# [WHAT YOU HAVE TO DO]
Output only the lines below that start at the line containing "forall (m : nat)" and end at the line containing "((Num.sqrt (complex.Re (k w w)))^-1)%:C.", with both ends kept.

(Stored data)
(* Let $K$ be a field, let $X$ be a set, let $F \subseteq K\langle X\rangle$ be such that no polynomial in $F$ has a constant term, and let $f \in (F)$. Let $Q=(V,E,X,s,t,l)$ be a labelled quiver whose edges have unique labels in $X$ (i.e. $l$ is injective), and assume that $f$ and all elements of $F$ are compatible with $Q$. Then, for every representation $\mathcal{R}=(\mathcal{V},\varphi)$ of $Q$ over $K$ such that the realizations of the elements of $F$ with respect to $\mathcal{R}$ are zero, the realization of $f$ with respect to $\mathcal{R}$ is zero.
   Context: $K\langle X\rangle$ denotes the free algebra of noncommutative polynomials in the indeterminates $X$ with coefficients in $K$; monomials are words in $\langle X\rangle$ (the free monoid on $X$, including the empty word $1$). Every $f$ has a unique representation $f=\sum_m c_m m$ with finitely many nonzero $c_m\in K$, and $\operatorname{supp}(f)=\{m : c_m\neq 0\}$. $(F)$ is the two-sided ideal generated by $F$. A labelled quiver $Q=(V,E,X,s,t,l)$ consists of a set of vertices $V$, a set of edges $E$, maps $s,t:E\to V$ (source, target) and a labelling $l:E\to X$. A nonempty path $p=e_n\cdots e_1$ (edges with $s(e_{i+1})=t(e_i)$) has label $l(p)=l(e_n)\cdots l(e_1)\in\langle X\rangle$, source $s(e_1)$ and target $t(e_n)$; for each vertex $v$ there is an empty path $\epsilon_v$ with label $1$ and source and target $v$. For a monomial $m$, $\sigma(m)=\{(s(p),t(p)) : p \text{ a path in } Q \text{ with } l(p)=m\}$, and for a polynomial $f$, $\sigma(f)=\bigcap_{m\in\operatorname{supp}(f)}\sigma(m)$ (so $\sigma(0)=V\times V$). $f$ is compatible with $Q$ if $\sigma(f)\neq\emptyset$. For $v,w\in V$ let $K\langle X\rangle_{v,w}=\{f : (v,w)\in\sigma(f)\}$. A representation $(\mathcal{V},\varphi)$ of $Q$ over $K$ assigns to each vertex $v$ a $K$-vector space $\mathcal{V}_v$ and to each edge $e$ a $K$-linear map $\varphi(e):\mathcal{V}_{s(e)}\to\mathcal{V}_{t(e)}$. For $v,w\in V$, the realization map $\varphi_{v,w}:K\langle X\rangle_{v,w}\to L(\mathcal{V}_v,\mathcal{V}_w)$ is the $K$-linear map with $\varphi_{v,w}(l(e_n\cdots e_1))=\varphi(e_n)\cdots\varphi(e_1)$ for each nonempty path $e_n\cdots e_1$ from $v$ to $w$ and $\varphi_{v,v}(1)=\mathrm{id}_{\mathcal{V}_v}$; for $f\in K\langle X\rangle_{v,w}$, $\varphi_{v,w}(f)$ is called a realization of $f$ with respect to the representation. (Under the hypotheses of unique labels and no constant terms, these maps are well defined and a compatible nonzero polynomial has a unique realization.) *)

From HB Require Import structures.
From mathcomp Require Import all_boot all_order all_algebra.
From mathcomp Require Import finmap.
From mathcomp.multinomials Require Import monalg.
From Stdlib Require Import ClassicalEpsilon.
(* Let $g,\ell$ be kernels on $X$ (with $g_z\ne0$, $\ell_z\ne0$ for all $z$) such that $\ell/g$ is positive semi-definite. Then for every $n\ge2$ and every $n$-point subset $\{\mu_1,\dots,\mu_n\}$ of $X$, $$\mathrm{dist}\big(\hat g_{\mu_1},\mathrm{span}\{\hat g_{\mu_2},\dots,\hat g_{\mu_n}\}\big)\le\mathrm{dist}\big(\hat\ell_{\mu_1},\mathrm{span}\{\hat\ell_{\mu_2},\dots,\hat\ell_{\mu_n}\}\big),$$ the distances being taken in $\mathcal{H}_g$ and $\mathcal{H}_\ell$ respectively.
   Context: A kernel on $X$ is a positive semi-definite function $k:X\times X\to\mathbb{C}$; $\mathcal{H}_k$ its reproducing kernel Hilbert space, $k_w=k(\cdot,w)$, $\hat k_w=k_w/\|k_w\|$. ''$\ell/g$ positive semi-definite'' means $\ell=gh$ for some positive semi-definite kernel $h$ on $X$. *)

From HB Require Import structures.
From mathcomp Require Import all_boot all_order all_algebra.
From mathcomp Require Import complex.
From mathcomp Require Import classical_sets reals.
Set Implicit Arguments. Unset Strict Implicit. Unset Printing Implicit Defensive.
Import Order.TTheory GRing.Theory Num.Theory.
Local Open Scope ring_scope.
Local Open Scope classical_set_scope.
Local Open Scope complex_scope.

(* Positive semi-definite kernel k : X -> X -> C:
   sum_{i,j} c_i conj(c_j) k(x_i, x_j) >= 0 (in the order of C, i.e. real and
   nonnegative) for every finite family of points and coefficients. *)
Definition psd_kernel (R : realType) (X : Type) (k : X -> X -> R[i]) : Prop :=
  forall (m : nat) (x : 'I_m -> X) (c : 'I_m -> R[i]),
    0 <= \sum_(i < m) \sum_(j < m) c i * Num.conj (c j) * k (x i) (x j).

Definition kernel_quotient_psd (R : realType) (X : Type) (ell g : X -> X -> R[i]) : Prop :=
  exists h : X -> X -> R[i], psd_kernel h /\ forall x y, ell x y = g x y * h x y.

(* Squared norm in H_k of  sum_i a_i k_{x_i}:  <k_x, k_y> = k(y, x). *)
Definition kvec_norm2 (R : realType) (X : Type) (k : X -> X -> R[i]) (m : nat)
    (x : 'I_m -> X) (a : 'I_m -> R[i]) : R :=
  complex.Re (\sum_(i < m) \sum_(j < m) a i * Num.conj (a j) * k (x j) (x i)).

(* Normalising factor: hat k_w = k_w / ||k_w||, ||k_w|| = sqrt (k(w,w)). *)
Definition khat_coef (R : realType) (X : Type) (k : X -> X -> R[i]) (w : X) : R[i] :=
  ((Num.sqrt (complex.Re (k w w)))^-1)%:C.

(* dist_{H_k}( hat k_{mu 0}, span { hat k_{mu (lift 0 j)} : j } ), computed as
   sqrt of the infimum over all elements hat k_{mu 0} + sum_{i>0} a_i hat k_{mu i}
   (the span is finite-dimensional, hence closed). *)
Definition dist_first (R : realType) (X : Type) (k : X -> X -> R[i]) (m : nat)
    (mu : 'I_m.+1 -> X) : R :=
  Num.sqrt (inf [set kvec_norm2 k mu (fun i => a i * khat_coef k (mu i))
                 | a in [set a : 'I_m.+1 -> R[i] | a ord0 = 1]]).

From mathcomp Require Import all_boot all_order all_algebra.
From mathcomp Require Import complex.
From mathcomp Require Import classical_sets reals.
From mathcomp Require Import ring.
Import Order.TTheory GRing.Theory Num.Theory.
Local Open Scope ring_scope.

(* Let [G] and [L] be the Gram matrices of the normalised kernel vectors of [g] and
   [ell] at [mu], and [d] the squared distance for [g].  Minimality of [d] over
   [a] with [a 0 = 1] says exactly that [G - d E00] is positive semi-definite.
   Writing [ell = g h], [L] is the Hadamard product of [G] with a rescaled Gram
   matrix [H] of [h] whose [(0,0)] entry is [1], so by the Schur product theorem
   [L - d E00 = (G - d E00) o H] is positive semi-definite too, i.e. the squared
   distance for [ell] is at least [d]. *)

Section PsdForms.
Context {C : numClosedFieldType} {m : nat}.
Implicit Types (A B H : 'I_m -> 'I_m -> C) (c d : 'I_m -> C) (p : 'I_m).
Lemma affine_moment_low j m : (j + m < d)%N -> affine_moment j m = waring_moment (d - j - m) j m.
Proof.
move=> jm_lt_d; rewrite affine_moment_dehomogenize 1?ltnW // /waring_moment.
rewrite [RHS](bigID (fun t => a t != 0)) /= [X in _ = _ + X]big1 ?addr0 // => t /negPn/eqP->.
by rewrite expr0n (_ : (d - j - m == 0)%N = false) ?mul0r ?mulr0 //; lia.
Qed.

Lemma affine_moment_top j m : (j + m = d)%N ->
  affine_moment j m = waring_moment 0 j m - plane_moment [set t | a t == 0] c b e j m.
Proof.
move=> jm_d; rewrite affine_moment_dehomogenize ?jm_d // /waring_moment /plane_moment.
rewrite (_ : (d - j - m = 0)%N); last by lia.
apply/eqP; rewrite eq_sym subr_eq (bigID (fun t => a t != 0)) /=; apply/eqP; congr (_ + _).
by apply: eq_big => t; rewrite ?inE ?negbK // => _; rewrite expr0 mul1r.
Qed.

End Dehomogenization.

Lemma waring_moment_rank_gt (C : fieldType) n r (c a b e : 'I_r -> C) (k0 k1 : C) :
  (0 < n)%N -> k0 != 0 -> k1 != 0 ->
  (forall i j m, (i + j + m = n.*2.+1)%N -> waring_moment c a b e i j m =
     if (i, j, m) == (1, n.-1, n.+1)%N then k0
     else if (i, j, m) == (0, n.*2, 1)%N then k1 else 0) ->
  (n.+1 ^ 2 < r)%N.
Proof.
move=> n_gt0 k0_neq0 k1_neq0 momE.
set L := affine_moment n.*2.+1 c a b e.
have L_low j m : (j + m <= n.*2)%N -> L j m = if (j, m) == (n.-1, n.+1) then k0 else 0.
  move=> jm_le; rewrite /L affine_moment_low ?momE; [|lia|lia].
  rewrite !xpair_eqE (_ : (n.*2.+1 - j - m == 0)%N = false) /=; last by lia.
  case: (j =P n.-1) => [j_eq|]; case: (m =P n.+1) => [m_eq|] /=; rewrite ?andbF // !andbT.
  by rewrite (_ : (n.*2.+1 - j - m == 1)%N) //; lia.
set Tfin := [set t | a t != 0]; set Tinf := [set t | a t == 0].
have card_r : (#|Tfin| + #|Tinf| = r)%N.
  rewrite -[RHS](card_ord r) -(cardsC Tfin); congr (_ + _).
  by apply: eq_card => t; rewrite !inE negbK.
have [inf_ge2|inf_le1] := leqP 2 #|Tinf|.
  have := card_leq_of_moment_relation (grid_moment_relation_eq0 n_gt0 k0_neq0 L_low).
  by rewrite card_prod !card_ord -/Tfin; nia.
have [gam [beta [eps infE]]] := plane_moment_card_le1 c b e (ltnSE inf_le1).
have [ep ep_le1 L_top] : exists2 ep, (ep <= 1)%N & L (n.*2.+1 - ep)%N ep != 0.
  apply: (top_moment_neq0 (gam := gam) (beta := beta) (eps := eps) n_gt0 k1_neq0).
    by rewrite /L affine_moment_top ?momE ?infE ?eqxx ?expr1 ?mulrA //; lia.
  by rewrite /L affine_moment_top ?momE ?infE ?xpair_eqE ?andbF ?expr0 ?mulr1 ?sub0r //; lia.
have := card_leq_of_moment_relation
  (fun g => ext_grid_moment_relation_eq0 (g := g) n_gt0 k0_neq0 L_low ep_le1 L_top).
by rewrite !card_option card_prod !card_ord -/Tfin; nia.
Qed.

Definition high_rank_form {C : nzRingType} (n : nat) : poly3 C :=
  mono3 1 n.-1 n.+1 + mono3 0 n.*2 1.

Lemma is_form_high_rank_form (C : nzRingType) n :
  (0 < n)%N -> is_form n.*2.+1 (high_rank_form n : poly3 C).
Proof. by move=> n_gt0; apply: is_formD; apply: is_form_mono3; lia. Qed.

Lemma high_rank_form_rank_gt (C : numFieldType) n :
  (0 < n)%N -> waring_rank_gt n.*2.+1 (high_rank_form n : poly3 C) (n.+1 ^ 2).
Proof.
move=> n_gt0 r [c [l decF]]; set d := n.*2.+1.
pose M i j := ('C(d, i) * 'C(d - i, j))%N.
have M_neq0 i j : (i + j <= d)%N -> (M i j)%:R != 0 :> C.
  by move=> ij_le; rewrite pnatr_eq0 -lt0n muln_gt0 !bin_gt0; apply/andP; split; lia.
apply: (waring_moment_rank_gt (c := c) (a := fun t => (l t).1.1) (b := fun t => (l t).1.2)
  (e := fun t => (l t).2) (k0 := (M 1 n.-1)%:R^-1) (k1 := (M 0 n.*2)%:R^-1) n_gt0).
- by rewrite invr_eq0 M_neq0 //; lia.
- by rewrite invr_eq0 M_neq0 //; lia.
move=> i j m ijm; rewrite /waring_moment.
have Mij_neq0 : (M i j)%:R != 0 :> C by apply: M_neq0; lia.
have := coef3_waring_sum c l ijm; rewrite -decF coef3D !coef3_mono3.
move/esym/(congr1 (fun x => x / (M i j)%:R)); rewrite -mulr_natr mulfK // => ->.
case: eqP => [[? ? ?]|_]; first by subst; rewrite !xpair_eqE /= addr0 mul1r.
by case: eqP => [[? ? ?]|_]; [subst; rewrite add0r mul1r | rewrite add0r mul0r].
Qed.

Theorem theorem1 (C : numClosedFieldType) (d : nat) :
  (3 <= d)%N -> odd d ->
  exists F : poly3 C, is_form d F /\ waring_rank_gt d F (((d + 1) %/ 2) ^ 2)%N.
Proof.
move=> d_ge3 d_odd.
have [n n_gt0 ->] : exists2 n, (0 < n)%N & d = n.*2.+1.
  by exists d./2; have := odd_double_half d; rewrite d_odd; lia.
have -> : ((n.*2.+1 + 1) %/ 2 = n.+1)%N by rewrite addn1 -doubleS -mul2n mulKn.
exists (high_rank_form n).
by split; [exact: is_form_high_rank_form | exact: high_rank_form_rank_gt].
Qed.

# [WRITTEN RESPONSE]
  forall (m : nat) (x : 'I_m -> X) (c : 'I_m -> R[i]),
    0 <= \sum_(i < m) \sum_(j < m) c i * Num.conj (c j) * k (x i) (x j).

Definition kernel_quotient_psd (R : realType) (X : Type) (ell g : X -> X -> R[i]) : Prop :=
  exists h : X -> X -> R[i], psd_kernel h /\ forall x y, ell x y = g x y * h x y.

(* Squared norm in H_k of  sum_i a_i k_{x_i}:  <k_x, k_y> = k(y, x). *)
Definition kvec_norm2 (R : realType) (X : Type) (k : X -> X -> R[i]) (m : nat)
    (x : 'I_m -> X) (a : 'I_m -> R[i]) : R :=
  complex.Re (\sum_(i < m) \sum_(j < m) a i * Num.conj (a j) * k (x j) (x i)).

(* Normalising factor: hat k_w = k_w / ||k_w||, ||k_w|| = sqrt (k(w,w)). *)
Definition khat_coef (R : realType) (X : Type) (k : X -> X -> R[i]) (w : X) : R[i] :=
  ((Num.sqrt (complex.Re (k w w)))^-1)%:C.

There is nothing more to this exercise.